Bitcoin has risen steadily in recent days and was also able to break above the $22,000 psychological mark. Weekly profits amount to more than 10%, but not all investors are happy about it.
More than 45,000 traders had bet on falling prices, costing them almost $177 million.
The cryptocurrency market has finally managed to reach a total market capitalization of over $1 trillion again, but the momentum is likely to stop in the coming hours.
Increasingly investors are turning their attention to tomorrow’s release of US inflation data . If these deviate from forecasts, the market expectation of the next Fed rate hike will change.
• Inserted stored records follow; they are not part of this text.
(* Let $q$ be a prime power, $F=\mathbb{F}_q$, $m\ge1$ with $\gcd(q,m)=1$, and $R=F[x]/\langle x^m-1\rangle$. Let $C\subseteq R^2$ be the quasi-cyclic code (R-submodule) generated by one element $(g_{11}(x),g_{12}(x))$, where $g_{11}(x)\mid x^m-1$ and $\deg g_{12}<m$. Let $g(x)=\gcd(g_{11}(x),g_{12}(x))$. Then $C$ is Euclidean LCD if and only if $$\gcd\left(\frac{x^m-1}{g(x)},\ g_{11}(x)\bar g_{11}(x)+g_{12}(x)\bar g_{12}(x)\right)=1.$$
   Context: Elements of $R$ are represented by polynomials of degree $<m$ and identified with their coefficient vectors in $F^m$; a quasi-cyclic code of length $2m$ and index 2 is an $R$-submodule of $R^2$. The Euclidean inner product of $(a_1,a_2),(b_1,b_2)\in R^2$ is the sum of the standard dot products of the coefficient vectors of $a_1,b_1$ and of $a_2,b_2$; $C$ is Euclidean LCD if $C\cap C^{\perp_e}=\{0\}$. For a polynomial $f$ of degree at most $m$, $\bar f(x)=x^m f(x^{-1})$. *)

From HB Require Import structures.
From mathcomp Require Import all_boot all_order all_algebra all_field.
Set Implicit Arguments. Unset Strict Implicit. Unset Printing Implicit Defensive.
Import GRing.Theory.
Local Open Scope ring_scope.

(* R = F[x]/<x^m - 1>; elements represented by their reduced polynomial
   representative (degree < m), identified with coefficient vectors in F^m. *)
Definition xm1 (F : fieldType) (m : nat) : {poly F} := 'X^m - 1.

Definition redR (F : fieldType) (m : nat) (p : {poly F}) : {poly F} := p %% xm1 F m.

Definition qc_code1 (F : fieldType) (m : nat) (g1 g2 : {poly F})
  (c : {poly F} * {poly F}) : Prop :=
  exists a : {poly F}, c = (redR m (a * g1), redR m (a * g2)).

Definition eip (F : fieldType) (m : nat) (c d : {poly F} * {poly F}) : F :=
  \sum_(i < m) ((redR m c.1)`_i * (redR m d.1)`_i
               + (redR m c.2)`_i * (redR m d.2)`_i).

Definition euclidean_LCD (F : fieldType) (m : nat)
  (C : {poly F} * {poly F} -> Prop) : Prop :=
  forall c, C c -> (forall d, C d -> eip m c d = 0) -> c = (0, 0).

(* reciprocal: \bar f(x) = x^m f(x^{-1}) for deg f <= m *)
Definition recip (F : fieldType) (m : nat) (f : {poly F}) : {poly F} :=
  \poly_(i < m.+1) f`_(m - i).

From HB Require Import structures.
From mathcomp Require Import all_boot all_order all_algebra all_field.
From mathcomp Require Import ring.
Set Implicit Arguments. Unset Strict Implicit. Unset Printing Implicit Defensive.
Import GRing.Theory.
Local Open Scope ring_scope.

(* Multiplication by p in R is adjoint, for the dot product of coefficient
   vectors, to multiplication by p(x^-1) = p(x^(m-1)).  Hence the inner
   product of the codewords a(g11, g12) and b(g11, g12) is the dot product of
   b with a h, where h = g11 g11(x^-1) + g12 g12(x^-1) agrees with
   g11 bar(g11) + g12 bar(g12) modulo x^m - 1.  As the dot product is
   nondegenerate, a(g11, g12) lies in the hull exactly when x^m - 1 divides
   a h, and it vanishes exactly when M = (x^m - 1)/g divides a.  So C is LCD iff
   M divides every a with x^m - 1 | a h; since x^m - 1 is separable and g | h,
   this holds iff gcd(M, h) = 1. *)

Lemma xm1_dvdp_XnB (F : fieldType) (m i j : nat) :
  i = j %[mod m] -> xm1 F m %| 'X^i - 'X^j.
Proof.
wlog le_ij : i j / (i <= j)%N.
  move=> W e; case: (leqP i j) => [|/ltnW] h; first exact: W.
  by rewrite -opprB dvdpNr W.
move=> /eqP; rewrite eq_sym eqn_mod_dvd // => /dvdnP [k Ek].
rewrite -(subnKC le_ij) Ek exprD -opprB dvdpNr -{2}['X^i]mulr1 -mulrBr.
by rewrite dvdp_mull // mulnC exprM -(expr1n _ k) subrXX dvdp_mulr.
Qed.

Lemma sum_ord_rotr (V : zmodType) (n : nat) (f : nat -> V) :
  \sum_(i < n) (if (i : nat) == 0%N then f n.-1 else f i.-1) = \sum_(i < n) f i.
Proof.
case: n => [|n]; first by rewrite !big_ord0.
by rewrite big_ord_recl big_ord_recr addrC.
Qed.

Section CyclicDot.
Variables (F : fieldType) (m : nat).
Hypothesis m_gt0 : (0 < m)%N.
Local Notation N := (xm1 F m).
Implicit Types u v w p f : {poly F}.

Definition cdot u v : F := \sum_(i < m) (redR m u)`_i * (redR m v)`_i.

(* Represents p(x^-1) in R, as x^(m-1) is the inverse of x there. *)
Definition cconj p : {poly F} := p \Po 'X^(m.-1).

Lemma size_xm1 : size N = m.+1.
Proof. by rewrite /xm1 -polyC1 size_XnsubC. Qed.

Lemma xm1_neq0 : N != 0.
Proof. by rewrite -size_poly_eq0 size_xm1. Qed.

Lemma size_redR u : (size (redR m u) <= m)%N.
Proof. by rewrite -ltnS -size_xm1 ltn_modp xm1_neq0. Qed.

Lemma cdot_redl u v : cdot (redR m u) v = cdot u v.
Proof. by rewrite /cdot /redR modp_id. Qed.

Lemma cdot_redr u v : cdot u (redR m v) = cdot u v.
Proof. by rewrite /cdot /redR modp_id. Qed.

Lemma cdotC u v : cdot u v = cdot v u.
Proof. by apply: eq_bigr => i _; rewrite mulrC. Qed.

Lemma cdotDl u u' v : cdot (u + u') v = cdot u v + cdot u' v.
Proof.
by rewrite /cdot -big_split; apply: eq_bigr => i _; rewrite /redR modpD coefD mulrDl.
Qed.

Lemma cdotZl c u v : cdot (c *: u) v = c * cdot u v.
Proof.
by rewrite /cdot mulr_sumr; apply: eq_bigr => i _; rewrite /redR modpZl coefZ mulrA.
Qed.

Lemma cdotDr u v v' : cdot u (v + v') = cdot u v + cdot u v'.
Proof. by rewrite cdotC cdotDl !(cdotC u). Qed.

Lemma cdotZr c u v : cdot u (c *: v) = c * cdot u v.
Proof. by rewrite cdotC cdotZl cdotC. Qed.

Lemma cdot_dvdr u w : N %| w -> cdot u w = 0.
Proof.
by move=> /modp_eq0 w0; rewrite /cdot big1 // => i _; rewrite /redR w0 coef0 mulr0.
Qed.

Lemma cdotXn u j : (j < m)%N -> cdot u 'X^j = (redR m u)`_j.
Proof.
move=> lt_jm; rewrite /cdot {2}/redR modp_small ?size_polyXn ?size_xm1 //.
rewrite (bigD1 (Ordinal lt_jm)) //= big1 ?coefXn ?eqxx ?mulr1 ?addr0 // => i ne_ij.
by have /negbTE ne_ij' : (i : nat) != j := ne_ij; rewrite coefXn ne_ij' mulr0.
Qed.

Lemma cdot_nondeg w : (forall u, cdot u w = 0) -> N %| w.
Proof.
move=> w_perp; apply/modp_eq0P/polyP => j; rewrite coef0.
have [lt_jm | le_mj] := ltnP j m; last exact/nth_default/(leq_trans (size_redR w)).
by rewrite -cdotXn // cdotC.
Qed.

Lemma coef_redR_mulX u i : (size u <= m)%N -> (i < m)%N ->
  (redR m ('X * u))`_i = if i == 0%N then u`_m.-1 else u`_i.-1.
Proof.
move=> size_u lt_im.
have -> : 'X * u = u`_m.-1 *: N + ('X * u - u`_m.-1 *: N) by rewrite addrC subrK.
rewrite /redR -mul_polyC modp_addl_mul_small mul_polyC; last first.
  rewrite size_xm1 ltnS; apply/leq_sizeP => j le_mj.
  rewrite coefB coefXM coefZ coefB coefXn coef1 gtn_eqF ?(leq_trans m_gt0) //.
  have [-> | ne_jm] := eqVneq j m; first by rewrite subr0 mulr1 subrr.
  rewrite subr0 mulr0 subr0 (leq_sizeP _ _ size_u) // -ltnS prednK ?(leq_trans m_gt0) //.
  by rewrite ltn_neqAle eq_sym ne_jm.
rewrite coefB coefXM coefZ coefB coefXn coef1 (ltn_eqF lt_im).
by case: (i == 0%N); rewrite ?subrr ?mulr0 ?subr0 // sub0r sub0r mulrN1 opprK.
Qed.

Lemma cdot_mulX u v : cdot ('X * u) ('X * v) = cdot u v.
Proof.
rewrite /cdot {1 2}/redR -(modp_mul 'X u) -(modp_mul 'X v) -!/(redR m _).
rewrite -(sum_ord_rotr m (fun i => (redR m u)`_i * (redR m v)`_i)).
by apply: eq_bigr => i _; rewrite !coef_redR_mulX ?size_redR //; case: eqP.
Qed.

Lemma redR_mulXn u : redR m ('X^m * u) = redR m u.
Proof.
apply/eqP; rewrite -subr_eq0 /redR -modpN -modpD -{2}(mul1r u) -mulrBl.
by apply/eqP/modp_eq0P; rewrite dvdp_mulr.
Qed.

Lemma cdot_mulXl u v : cdot ('X * u) v = cdot u ('X^(m.-1) * v).
Proof.
rewrite -cdot_redr -redR_mulXn cdot_redr -[in 'X^m](prednK m_gt0) exprS -mulrA.
exact: cdot_mulX.
Qed.

Lemma cdot_mull p u v : cdot (p * u) v = cdot u (cconj p * v).
Proof.
elim/poly_ind: p u v => [|p c IHp] u v.
  by rewrite /cconj comp_poly0 !mul0r cdotC !cdot_dvdr ?dvdp0.
rewrite /cconj comp_poly_MXaddC -/(cconj p) !mulrDl !mul_polyC cdotDl cdotDr.
by rewrite cdotZl cdotZr -mulrA IHp cdot_mulXl mulrA [_ * 'X^_]mulrC.
Qed.

Lemma recip_cconj f : (size f <= m.+1)%N -> N %| recip m f - cconj f.
Proof.
move=> size_f.
have -> : recip m f = \sum_(i < m.+1) f`_i *: 'X^(m - i).
  rewrite /recip poly_def (reindex_inj rev_ord_inj) /=.
  by apply: eq_bigr => i _; rewrite subSS subKn // -ltnS.
have -> : cconj f = \sum_(i < m.+1) f`_i *: 'X^(m.-1) ^+ i.
  rewrite /cconj comp_polyE (big_ord_widen _ (fun i => f`_i *: 'X^(m.-1) ^+ i) size_f).
  rewrite big_mkcond /=; apply: eq_bigr => i _.
  by case: ltnP => // le_fi; rewrite nth_default // scale0r.
rewrite -sumrB; apply: (big_ind (dvdp N)) => [||i _]; [exact: dvdp0 | exact: dvdp_add |].
rewrite -scalerBr -mul_polyC dvdp_mull // -exprM; apply: xm1_dvdp_XnB.
have le_im : (i <= m)%N by rewrite -ltnS.
by apply/eqP; rewrite -(eqn_modDr i) subnK // -mulSnr prednK // modnMr modnn.
Qed.

End CyclicDot.

Section QuasiCyclicCode.
Variables (F : fieldType) (m : nat) (g1 g2 : {poly F}).
Hypotheses (m_gt0 : (0 < m)%N)
  (size_g1 : (size g1 <= m.+1)%N) (size_g2 : (size g2 <= m.+1)%N).
Local Notation N := (xm1 F m).
Local Notation codeword a := (redR m (a * g1), redR m (a * g2)).
Local Notation hull_recip := (g1 * recip m g1 + g2 * recip m g2).
Local Notation hull := (g1 * cconj m g1 + g2 * cconj m g2).

Lemma eip_codeword a b : eip m (codeword a) (codeword b) = cdot m b (a * hull).
Proof.
rewrite /eip big_split /= -!/(cdot _ _ _) !cdot_redl !cdot_redr.
rewrite (cdotC _ (a * g1)) (cdotC _ (a * g2)) ![b * _]mulrC !cdot_mull // -cdotDr.
by congr (cdot m b _); ring.
Qed.

Lemma dvdp_hull_recip a : (N %| a * hull_recip) = (N %| a * hull).
Proof.
rewrite -[a * hull_recip](subrK (a * hull)) dvdp_addr // -mulrBr dvdp_mull //.
have -> : hull_recip - hull
    = g1 * (recip m g1 - cconj m g1) + g2 * (recip m g2 - cconj m g2) by ring.
by rewrite dvdp_add // dvdp_mull // recip_cconj.
Qed.

Lemma euclidean_LCD_qc_code1P : euclidean_LCD m (qc_code1 m g1 g2) <->
  (forall a, N %| a * hull_recip -> (N %| a * g1) && (N %| a * g2)).
Proof.
split=> [LCD a | ann_g c [a ->] c_perp].
  rewrite dvdp_hull_recip => N_ahull.
  have /pair_equal_spec[] : codeword a = (0, 0).
    apply: LCD => [|_ [b ->]]; first by exists a.
    by rewrite eip_codeword cdot_dvdr.
  by rewrite /redR => /modp_eq0P -> /modp_eq0P.
have /ann_g/andP[/modp_eq0P g1a /modp_eq0P g2a] : N %| a * hull_recip.
  rewrite dvdp_hull_recip; apply: (cdot_nondeg m_gt0) => b.
  by rewrite -eip_codeword; apply: c_perp; exists b.
by rewrite /redR g1a g2a.
Qed.

End QuasiCyclicCode.

Lemma dvdp_divp_gcdp (F : fieldType) (N g1 g2 a : {poly F}) :
  gcdp g1 g2 %| N -> gcdp g1 g2 != 0 ->
  (N %| a * g1) && (N %| a * g2) = (N %/ gcdp g1 g2 %| a).
Proof.
move=> gN g_neq0; rewrite -(dvdp_mul2r _ a g_neq0) divpK //.
by rewrite (eqp_dvdr _ (mulp_gcdr g1 g2 a)) dvdp_gcd.
Qed.

Lemma separable_dvdp_cancelP (F : fieldType) (N g h : {poly F}) :
  separable_poly N -> g %| N -> g %| h ->
  (forall a, N %| a * h -> N %/ g %| a) <-> coprimep (N %/ g) h.
Proof.
move=> sepN gN gh; set M := N %/ g; have NE : M * g = N by rewrite divpK.
have M_neq0 : M != 0.
  apply: contraTneq sepN => M0; rewrite -NE M0 mul0r.
  by apply/negP => /separable_coprime/(_ (dvdp0 (0 * 0))); rewrite coprime0p eqp01.
split=> [cancel_h | coMh a N_ah]; last first.
  by rewrite -(Gauss_dvdpl _ coMh) (dvdp_trans _ N_ah) // -NE dvdp_mulr.
set d := gcdp M h; have dM : d %| M := dvdp_gcdl M h.
have co_gd : coprimep g d.
  by apply: coprimep_dvdl dM _; apply: (separable_coprime sepN); rewrite mulrC NE.
have gd_h : g * d %| h by rewrite Gauss_dvdp // gh dvdp_gcdr.
set q := M %/ d; have Md : q * d = M by rewrite divpK.
have q_neq0 : q != 0 by apply: contra_neq M_neq0 => q0; rewrite -Md q0 mul0r.
have : M %| q by apply: cancel_h; rewrite -NE -Md -mulrA [d * g]mulrC dvdp_mul2l.
by rewrite -{1}Md -{2}[q]mulr1 dvdp_mul2l // dvdp1 coprimep_def.
Qed.

Lemma natf_neq0_coprime_card (F : finFieldType) (m : nat) :
  coprime #|F| m -> m%:R != 0 :> F.
Proof.
have [p p_pr pcharFp] := finPcharP F.
move: (card_pprimeChar pcharFp) (finNzRing_gt1 F); case: logn => [-> //|k ->].
rewrite coprime_pexpl // prime_coprime // => _.
by apply: contra => /eqP m0; rewrite (dvdn_pcharf pcharFp) m0.
Qed.

Theorem theorem4p3 (F : finFieldType) (m : nat) (g11 g12 : {poly F}) :
  (0 < m)%N -> coprime #|F| m ->
  g11 %| xm1 F m -> (size g12 <= m)%N ->
  euclidean_LCD m (qc_code1 m g11 g12) <->
  coprimep (xm1 F m %/ gcdp g11 g12)
           (g11 * recip m g11 + g12 * recip m g12).
Proof.
move=> m_gt0 coFm g11_N size_g12.
have size_g11 : (size g11 <= m.+1)%N.
  by rewrite -(size_xm1 F m_gt0) dvdp_leq ?xm1_neq0.
have gN : gcdp g11 g12 %| xm1 F m := dvdp_trans (dvdp_gcdl _ _) g11_N.
have g_neq0 : gcdp g11 g12 != 0.
  by apply: contraTneq gN => ->; rewrite dvd0p xm1_neq0.
have g_hull : gcdp g11 g12 %| g11 * recip m g11 + g12 * recip m g12.
  by rewrite dvdp_add // dvdp_mulr ?dvdp_gcdl ?dvdp_gcdr.
have sepN : separable_poly (xm1 F m).
  exact/separable_Xn_sub_1/natf_neq0_coprime_card.
apply: iff_trans (euclidean_LCD_qc_code1P m_gt0 size_g11 (leqW size_g12)) _.
apply: iff_trans (separable_dvdp_cancelP sepN gN g_hull).
by split=> ann a /ann; rewrite dvdp_divp_gcdp.
Qed.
For riskier assets such as cryptocurrencies, higher-than-expected inflation data would be primarily problematic. The market would expect the Fed to raise rates further as the term of their hike lengthens. This is likely to drain more liquidity from the market, weighing down bitcoin, Ethereum and co.
However, the market remains of the view that the Fed will slow the pace of rate hikes, as City Index Ltd Chief Analyst Tony Sycamore explained:.
“The market has realized that it has a reprieve from the Fed’s unrelenting and aggressive monetary policy for a few weeks. And that the pace of central bank rate hikes is likely to slow.”
Tomorrow’s inflation data may reinforce this view and support the market, or it may become a drag.
Bitcoin Technical Price Levels
Currently, the BTC/USD daily gain is 3.7% at a price of $22,358. The strong rally on 9th Sep reached the 50% Fibo retracement but was still unable to break above it on a daily close basis.
This was only achieved the next day, so the 38.2 percent Fibo retracement of $22,311 was the target. If the bulls manage to break above it on the daily close, the next target will be the 23.6% Fibo resistance at $23.417.
If the bears prevent an extension of the upside move, the 50 percent Fibo of $21.417 offers immediate support. Below that is the 61.8% Fibo retracement at $20,523.